Perfect Squares - Java Solution

1. Introduction

In this blog post, we explore the "Perfect Squares" problem, a classic challenge in dynamic programming and number theory. The problem asks to find the minimum number of perfect square numbers that sum up to a given integer. A perfect square is an integer that is the square of another integer (e.g., 1, 4, 9, 16). This problem is often encountered in mathematical computations and algorithmic puzzles.

Problem

Given an integer n, the objective is to return the least number of perfect square numbers whose sum equals n. The task involves identifying a set of perfect square numbers that add up to n with the smallest possible count.

2. Solution Steps

1. Use dynamic programming to solve the problem.

2. Create an array dp with n + 1 elements, where dp[i] represents the minimum number of perfect squares that sum to i.

3. Initialize dp[0] to 0, as the sum of 0 requires 0 numbers.

4. Iterate from 1 to n, and for each i, calculate dp[i]:

a. Initialize dp[i] to a maximum value.

b. Iterate through all perfect squares less than or equal to i.

c. Update dp[i] as the minimum of its current value and dp[i - square] + 1.

5. Return dp[n], which represents the least number of perfect squares summing to n.

3. Code Program

public class PerfectSquares {
    public static void main(String[] args) {
        int n = 12;
        System.out.println(numSquares(n)); // Test the function
    }

    // Function to find the least number of perfect squares summing to n
    public static int numSquares(int n) {
        int[] dp = new int[n + 1];
        Arrays.fill(dp, Integer.MAX_VALUE);
        dp[0] = 0;

        for (int i = 1; i <= n; i++) {
            for (int j = 1; j * j <= i; j++) {
                dp[i] = Math.min(dp[i], dp[i - j * j] + 1);
            }
        }

        return dp[n];
    }
}

Output:

3

Explanation:

1. numSquares: This function computes the least number of perfect squares that sum to n.

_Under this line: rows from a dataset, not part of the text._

Lemma succ_closed_final (N : nat) (G : {set 'I_N}) :
  (forall g, g \in G -> (g.+1 < N)%N -> exists2 h, h \in G & val h = g.+1) ->
  G = [set y : 'I_N | (N - #|G| <= y)%N].
Proof.
move=> up; set m := #|G|; have above g : g \in G -> (N - m <= g)%N.
  move=> Gg; have reach s : (s < N - g)%N -> exists2 h, h \in G & val h = (g + s)%N.
    elim: s => [|s IH] hs; first by exists g; rewrite ?addn0.
    have [h Gh hv] := IH (ltnW hs).
    have [h' Gh' hv'] : exists2 h', h' \in G & val h' = h.+1 by apply: up; rewrite // hv; lia.
    by exists h'; rewrite // hv' hv addnS.
  have sub : [set y : 'I_N | (g <= y)%N] \subset G.
    apply/subsetP => y; rewrite inE => gy; have hy : (y - g < N - g)%N.
      by have := ltn_ord y; lia.
    have [h Gh hv] := reach _ hy; rewrite (_ : y = h) //.
    by apply: val_inj; rewrite hv subnKC.
  have : (#|[set y : 'I_N | (g <= y)%N]| <= m)%N by exact: subset_leq_card.
  by have := ltn_ord g; rewrite card_final_segment; lia.
apply/eqP; rewrite eqEcard card_final_segment; apply/andP; split.
  by apply/subsetP => g Gg; rewrite inE above.
have : (m <= N)%N by rewrite -[X in (_ <= X)%N]card_ord; exact: max_card.
lia.
Qed.

Section WeightCombinatorics.
Variables n r : nat.
Hypothesis n_gt1 : (1 < n)%N.

(* The residue class ("cell") of t in 'I_n, normalised so that the cell c
   consists of the t congruent to c + 1 mod n, matching the labels 1..n. *)
Definition cellv (t : int) : nat := `|((t - 1) %% n)%Z|%N.

Lemma cellvE t : (cellv t)%:Z = ((t - 1) %% n)%Z.
Proof. by rewrite /cellv gez0_abs // modz_ge0 // eqz_nat -lt0n ltnW. Qed.

Lemma cellv_lt t : (cellv t < n)%N.
Proof. by rewrite -ltz_nat cellvE ltz_pmod // ltz_nat ltnW. Qed.

Definition cell (t : int) : 'I_n := Ordinal (cellv_lt t).

Lemma congrE (i : nat) (t : int) : congr n i.+1 t = (cellv t == i %% n)%N.
Proof.
rewrite /congr -eqz_nat cellvE -modz_nat eqz_mod_dvd.
by congr (_ %| _)%Z; rewrite -addn1 PoszD; ring.
Qed.

Lemma congr_cell (c : 'I_n) t : congr n c.+1 t = (cell t == c).
Proof. by rewrite congrE modn_small. Qed.

Lemma congr_cellS (c : 'I_n) t : congr n c.+2 t = (cell t == ordS c).
Proof. by rewrite congrE. Qed.

Lemma cellS t : cell (t + 1) = ordS (cell t).
Proof.
apply: val_inj => /=; apply/eqP.
by rewrite -eqz_nat -modz_nat -addn1 PoszD !cellvE modzDml addrK subrK.
Qed.

Lemma congr_cellP (c : 'I_n) t : congr n c.+1 (t - 1) = (cell t == ordS c).
Proof.
rewrite congr_cell; have -> : t = (t - 1) + 1 by rewrite subrK.
by rewrite cellS (inj_eq (@ordS_inj n)) subrK.
Qed.

Lemma ordS_neq (c : 'I_n) : ordS c != c.
Proof.
apply/eqP => /(congr1 val) /=; case: (ltnP c.+1 n) => h.
  by rewrite modn_small // => /eqP; rewrite eqn_leq ltnn.
have Hcn : c.+1 = n by apply/eqP; rewrite eqn_leq h ltn_ord.
by rewrite Hcn modnn => E; move: n_gt1; rewrite -Hcn -E.
Qed.

Lemma iter_ordS_val t (c : 'I_n) : val (iter t (@ordS n) c) = ((c + t) %% n)%N.
Proof.
elim: t => [|t IH]; first by rewrite addn0 modn_small.
by rewrite iterS /= IH -addn1 modnDml addn1 addnS.
Qed.

Lemma iter_ordS_inj a b (c : 'I_n) : (a < n)%N -> (b < n)%N ->
  iter a (@ordS n) c = iter b (@ordS n) c -> a = b.
Proof.
move=> ha hb /(congr1 val); rewrite !iter_ordS_val => /eqP.
by rewrite eqn_modDl !modn_small // => /eqP.
Qed.

Definition cc (c : 'I_n) (j : Idx r) : nat := #|[pred l : 'I_r | cell (j l) == c]|.
Definition wteq (j j0 : Idx r) : bool := [forall c, cc c j == cc c j0].

Definition IndJ (j0 : Idx r) : End r := diag (fun j => if wteq j j0 then 1 else 0).

Lemma cnt_cc (c : 'I_n) j : cnt n c.+1 j = cc c j.
Proof. by apply: eq_card => l; rewrite !inE congr_cell. Qed.

Lemma IndJ_Ind j0 : IndJ j0 = @Ind n r (fun c => cc c j0).
Proof.
apply: diag_ext => j; rewrite /wteq; congr (if _ then _ else _).
by apply: eq_forallb => c; rewrite cnt_cc.
Qed.

Lemma inS_IndJ j0 : inS n (IndJ j0).
Proof. rewrite IndJ_Ind; exact: inS_Ind. Qed.

Lemma wteq_cc (j j0 : Idx r) c : wteq j j0 -> cc c j = cc c j0.
Proof. by move=> /forallP /(_ c) /eqP. Qed.

Lemma cc0 (d : 'I_n) j l : cc d j = 0%N -> cell (j l) != d.
Proof. by move=> /card0_eq /(_ l); rewrite !inE => ->. Qed.

Lemma cc0_intro (d : 'I_n) (j : Idx r) : (forall l, cell (j l) != d) -> cc d j = 0%N.
Proof. by move=> H; apply: eq_card0 => l; rewrite !inE (negbTE (H l)). Qed.

Lemma shiftE (k : 'I_r) d (j : Idx r) l : shift k d j l = if l == k then j l + d else j l.
Proof. by rewrite ffunE. Qed.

2. It initializes a dynamic programming array dp, with dp[i] indicating the minimum number of perfect squares needed to sum to i.

3. The array is filled with a maximum value initially, except for dp[0], which is 0.

4. For each i from 1 to n, the function iterates through all possible perfect squares j * j that are less than or equal to i. It updates dp[i] to the minimum of its current value and 1 + dp[i - j * j].

5. The function returns dp[n], which gives the minimum count of perfect squares required to sum to n.

6. This approach effectively finds the optimal solution by considering all combinations of perfect squares that sum to each number up to n.